_WHAT THE EXERCISE ASKS_
Give the lines of the material verbatim, from the first line to the line with "Definition taylor0_cvg (f", including both.
[[ EXCERPTED RECORDS, beginning ]]
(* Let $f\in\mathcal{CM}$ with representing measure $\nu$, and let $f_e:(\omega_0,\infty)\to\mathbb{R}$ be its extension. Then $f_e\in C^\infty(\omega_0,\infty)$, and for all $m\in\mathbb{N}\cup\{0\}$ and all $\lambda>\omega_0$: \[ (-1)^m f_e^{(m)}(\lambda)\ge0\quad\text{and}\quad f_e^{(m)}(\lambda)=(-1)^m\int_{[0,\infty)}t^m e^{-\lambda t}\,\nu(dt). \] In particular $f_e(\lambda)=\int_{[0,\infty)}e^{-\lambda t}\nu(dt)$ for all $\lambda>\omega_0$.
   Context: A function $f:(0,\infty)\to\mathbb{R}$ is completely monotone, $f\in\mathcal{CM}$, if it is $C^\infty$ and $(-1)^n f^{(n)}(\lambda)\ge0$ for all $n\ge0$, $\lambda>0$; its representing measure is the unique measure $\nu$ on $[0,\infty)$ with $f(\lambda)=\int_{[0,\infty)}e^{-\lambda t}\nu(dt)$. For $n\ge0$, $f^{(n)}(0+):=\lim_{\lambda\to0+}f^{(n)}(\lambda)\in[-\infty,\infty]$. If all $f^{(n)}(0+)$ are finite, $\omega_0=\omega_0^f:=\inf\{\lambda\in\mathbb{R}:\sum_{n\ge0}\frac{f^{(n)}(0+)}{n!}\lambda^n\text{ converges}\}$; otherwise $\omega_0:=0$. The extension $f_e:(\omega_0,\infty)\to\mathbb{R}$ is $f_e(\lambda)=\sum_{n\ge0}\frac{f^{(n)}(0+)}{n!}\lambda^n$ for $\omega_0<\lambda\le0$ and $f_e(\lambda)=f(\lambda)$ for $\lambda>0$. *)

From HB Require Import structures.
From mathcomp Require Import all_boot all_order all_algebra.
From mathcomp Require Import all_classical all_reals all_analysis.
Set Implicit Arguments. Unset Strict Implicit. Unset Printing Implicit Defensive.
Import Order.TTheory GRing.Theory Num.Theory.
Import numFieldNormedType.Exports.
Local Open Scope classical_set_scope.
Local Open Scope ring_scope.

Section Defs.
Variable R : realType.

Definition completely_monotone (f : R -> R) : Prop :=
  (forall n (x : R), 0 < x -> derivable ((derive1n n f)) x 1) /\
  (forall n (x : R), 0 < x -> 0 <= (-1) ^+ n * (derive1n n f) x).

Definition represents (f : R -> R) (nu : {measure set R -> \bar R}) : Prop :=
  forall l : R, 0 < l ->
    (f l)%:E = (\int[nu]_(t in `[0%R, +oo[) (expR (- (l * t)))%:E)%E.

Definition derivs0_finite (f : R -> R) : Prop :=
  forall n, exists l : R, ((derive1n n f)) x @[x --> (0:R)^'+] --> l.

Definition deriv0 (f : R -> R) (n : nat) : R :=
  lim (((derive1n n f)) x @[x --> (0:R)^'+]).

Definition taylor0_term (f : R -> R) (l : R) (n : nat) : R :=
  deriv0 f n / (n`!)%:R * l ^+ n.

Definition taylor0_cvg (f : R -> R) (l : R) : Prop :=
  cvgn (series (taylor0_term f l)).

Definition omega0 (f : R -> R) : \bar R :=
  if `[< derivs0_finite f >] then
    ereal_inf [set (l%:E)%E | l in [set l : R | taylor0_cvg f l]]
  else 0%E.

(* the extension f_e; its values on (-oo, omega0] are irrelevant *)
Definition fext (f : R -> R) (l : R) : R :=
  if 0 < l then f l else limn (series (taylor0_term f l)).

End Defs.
[[ EXCERPTED RECORDS, end ]]
_TASK RESULT_
(* Let $f\in\mathcal{CM}$ with representing measure $\nu$, and let $f_e:(\omega_0,\infty)\to\mathbb{R}$ be its extension. Then $f_e\in C^\infty(\omega_0,\infty)$, and for all $m\in\mathbb{N}\cup\{0\}$ and all $\lambda>\omega_0$: \[ (-1)^m f_e^{(m)}(\lambda)\ge0\quad\text{and}\quad f_e^{(m)}(\lambda)=(-1)^m\int_{[0,\infty)}t^m e^{-\lambda t}\,\nu(dt). \] In particular $f_e(\lambda)=\int_{[0,\infty)}e^{-\lambda t}\nu(dt)$ for all $\lambda>\omega_0$.
   Context: A function $f:(0,\infty)\to\mathbb{R}$ is completely monotone, $f\in\mathcal{CM}$, if it is $C^\infty$ and $(-1)^n f^{(n)}(\lambda)\ge0$ for all $n\ge0$, $\lambda>0$; its representing measure is the unique measure $\nu$ on $[0,\infty)$ with $f(\lambda)=\int_{[0,\infty)}e^{-\lambda t}\nu(dt)$. For $n\ge0$, $f^{(n)}(0+):=\lim_{\lambda\to0+}f^{(n)}(\lambda)\in[-\infty,\infty]$. If all $f^{(n)}(0+)$ are finite, $\omega_0=\omega_0^f:=\inf\{\lambda\in\mathbb{R}:\sum_{n\ge0}\frac{f^{(n)}(0+)}{n!}\lambda^n\text{ converges}\}$; otherwise $\omega_0:=0$. The extension $f_e:(\omega_0,\infty)\to\mathbb{R}$ is $f_e(\lambda)=\sum_{n\ge0}\frac{f^{(n)}(0+)}{n!}\lambda^n$ for $\omega_0<\lambda\le0$ and $f_e(\lambda)=f(\lambda)$ for $\lambda>0$. *)

From HB Require Import structures.
From mathcomp Require Import all_boot all_order all_algebra.
From mathcomp Require Import all_classical all_reals all_analysis.
Set Implicit Arguments. Unset Strict Implicit. Unset Printing Implicit Defensive.
Import Order.TTheory GRing.Theory Num.Theory.
Import numFieldNormedType.Exports.
Local Open Scope classical_set_scope.
Local Open Scope ring_scope.

Section Defs.
Variable R : realType.

Definition completely_monotone (f : R -> R) : Prop :=
  (forall n (x : R), 0 < x -> derivable ((derive1n n f)) x 1) /\
  (forall n (x : R), 0 < x -> 0 <= (-1) ^+ n * (derive1n n f) x).

Definition represents (f : R -> R) (nu : {measure set R -> \bar R}) : Prop :=
  forall l : R, 0 < l ->
    (f l)%:E = (\int[nu]_(t in `[0%R, +oo[) (expR (- (l * t)))%:E)%E.

Definition derivs0_finite (f : R -> R) : Prop :=
  forall n, exists l : R, ((derive1n n f)) x @[x --> (0:R)^'+] --> l.

Definition deriv0 (f : R -> R) (n : nat) : R :=
  lim (((derive1n n f)) x @[x --> (0:R)^'+]).

Definition taylor0_term (f : R -> R) (l : R) (n : nat) : R :=
  deriv0 f n / (n`!)%:R * l ^+ n.

Definition taylor0_cvg (f : R -> R) (l : R) : Prop :=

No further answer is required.